* WORK INSTRUCTIONS
Return each line of the entries that holds the string "RMorphism".
Segment Start: THE INPUT
Lemma lift_frac_div a b : b != 0 -> lift_frac f (a%:F / b%:F) = (f a)%:F / (f b)%:F.
Proof.
move=> b0; rewrite /lift_frac; set x := a%:F / b%:F.
set n := \n_(repr x); set d := \d_(repr x).
have d0 : d != 0 := denom_ratioP _.
have cross : a * d = n * b.
  apply/eqP; rewrite -tofrac_eq !rmorphM /= -eqr_div ?tofrac_eq0 //.
  by rewrite -[n%:F / _]repr_fracE.
apply/eqP; rewrite eqr_div ?tofrac_eq0 ?rmorph_inj_neq0 //.
by rewrite -!rmorphM /= cross.
Qed.

Lemma lift_frac_tofrac a : lift_frac f a%:F = (f a)%:F.
Proof.
have -> : a%:F = a%:F / 1%:F by rewrite rmorph1 divr1.
by rewrite lift_frac_div ?oner_neq0 // !rmorph1 divr1.
Qed.

Lemma lift_frac_is_zmod_morphism : zmod_morphism (lift_frac f).
Proof.
move=> x y; have [a [b [b0 ->]]] := fraction_quotient x.
have [c [d [d0 ->]]] := fraction_quotient y.
have subE (p q r t : Pring) : r != 0 -> t != 0 ->
    p%:F / r%:F - q%:F / t%:F = (p * t + - q * r)%:F / (r * t)%:F.
  move=> r0 t0; rewrite -mulNr -rmorphN addf_div ?tofrac_eq0 //.
  by rewrite -!rmorphM -rmorphD.
have bd0 : b * d != 0 by rewrite mulf_neq0.
rewrite subE // !lift_frac_div //.
by rewrite subE ?rmorph_inj_neq0 // (rmorphD f) !(rmorphM f) (rmorphN f).
Qed.

Lemma lift_frac_is_monoid_morphism : monoid_morphism (lift_frac f).
Proof.
split; first by rewrite -tofrac1 lift_frac_tofrac rmorph1.
move=> x y; have [a [b [b0 ->]]] := fraction_quotient x.
have [c [d [d0 ->]]] := fraction_quotient y.
have bd0 : b * d != 0 by rewrite mulf_neq0.
rewrite mulf_div -!rmorphM !lift_frac_div //.
by rewrite mulf_div -!rmorphM !(rmorphM f).
Qed.

End LiftFrac.

Definition scaleX_m : {poly {poly rat}} := ('X : {poly rat})%:P * 'X.
HB.instance Definition _ := GRing.RMorphism.copy sigmP_m (map_poly (comp_poly scaleX_m)).
Definition scaleX_n : Pring := ((('X : {poly rat})%:P : {poly {poly rat}})%:P) * 'X.
HB.instance Definition _ := GRing.RMorphism.copy sigmP_n (comp_poly scaleX_n).

Lemma size_scaleX_m : size scaleX_m = 2.
Proof. by rewrite size_mulX ?polyC_eq0 ?polyX_eq0 // size_polyC polyX_eq0. Qed.

Lemma size_scaleX_n : size scaleX_n = 2.
Proof. by rewrite size_mulX ?polyC_eq0 ?polyX_eq0 // size_polyC !polyC_eq0 polyX_eq0. Qed.

Lemma sigmP_m_inj : injective sigmP_m.
Proof. exact/map_inj_poly/rmorph0/comp_poly2_inj/size_scaleX_m. Qed.

Lemma sigmP_n_inj : injective sigmP_n.
Proof. exact/comp_poly2_inj/size_scaleX_n. Qed.

Lemma sigmP_mE p : sigmP_m p = map_poly (comp_poly scaleX_m) p.
Proof. by []. Qed.

Lemma sigmP_mn p : sigmP_m (sigmP_n p) = sigmP_n (sigmP_m p).
Proof.
rewrite !sigmP_mE map_comp_poly; congr (_ \Po _).
by rewrite /scaleX_n rmorphM /= map_polyC map_polyX /= comp_polyC.
Qed.

HB.instance Definition _ := GRing.isZmodMorphism.Build Kf Kf sigma_m
  (lift_frac_is_zmod_morphism sigmP_m_inj).
HB.instance Definition _ := GRing.isMonoidMorphism.Build Kf Kf sigma_m
  (lift_frac_is_monoid_morphism sigmP_m_inj).
HB.instance Definition _ := GRing.isZmodMorphism.Build Kf Kf sigma_n
  (lift_frac_is_zmod_morphism sigmP_n_inj).
HB.instance Definition _ := GRing.isMonoidMorphism.Build Kf Kf sigma_n
  (lift_frac_is_monoid_morphism sigmP_n_inj).

Lemma sigma_m_s : sigma_m s_ = s_.
Proof.
rewrite /sigma_m (lift_frac_tofrac sigmP_m_inj) /= sigmP_mE /sP.
by rewrite map_polyC /= comp_polyC.
Qed.

Lemma sigma_m_Qm : sigma_m Qm = s_ * Qm.
Proof.
rewrite /sigma_m (lift_frac_tofrac sigmP_m_inj) /= sigmP_mE /QmP map_polyC /= comp_polyX.
by rewrite -rmorphM /= polyCM.
Qed.

Lemma sigma_m_Qn : sigma_m Qn = Qn.
Proof. by rewrite /sigma_m (lift_frac_tofrac sigmP_m_inj) /= sigmP_mE /QnP map_polyX. Qed.

Lemma sigma_n_s : sigma_n s_ = s_.
Proof. by rewrite /sigma_n (lift_frac_tofrac sigmP_n_inj) /= /sigmP_n comp_polyC. Qed.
Segment End: THE INPUT
* ANSWER SECTION
HB.instance Definition _ := GRing.RMorphism.copy sigmP_m (map_poly (comp_poly scaleX_m)).
HB.instance Definition _ := GRing.RMorphism.copy sigmP_n (comp_poly scaleX_n).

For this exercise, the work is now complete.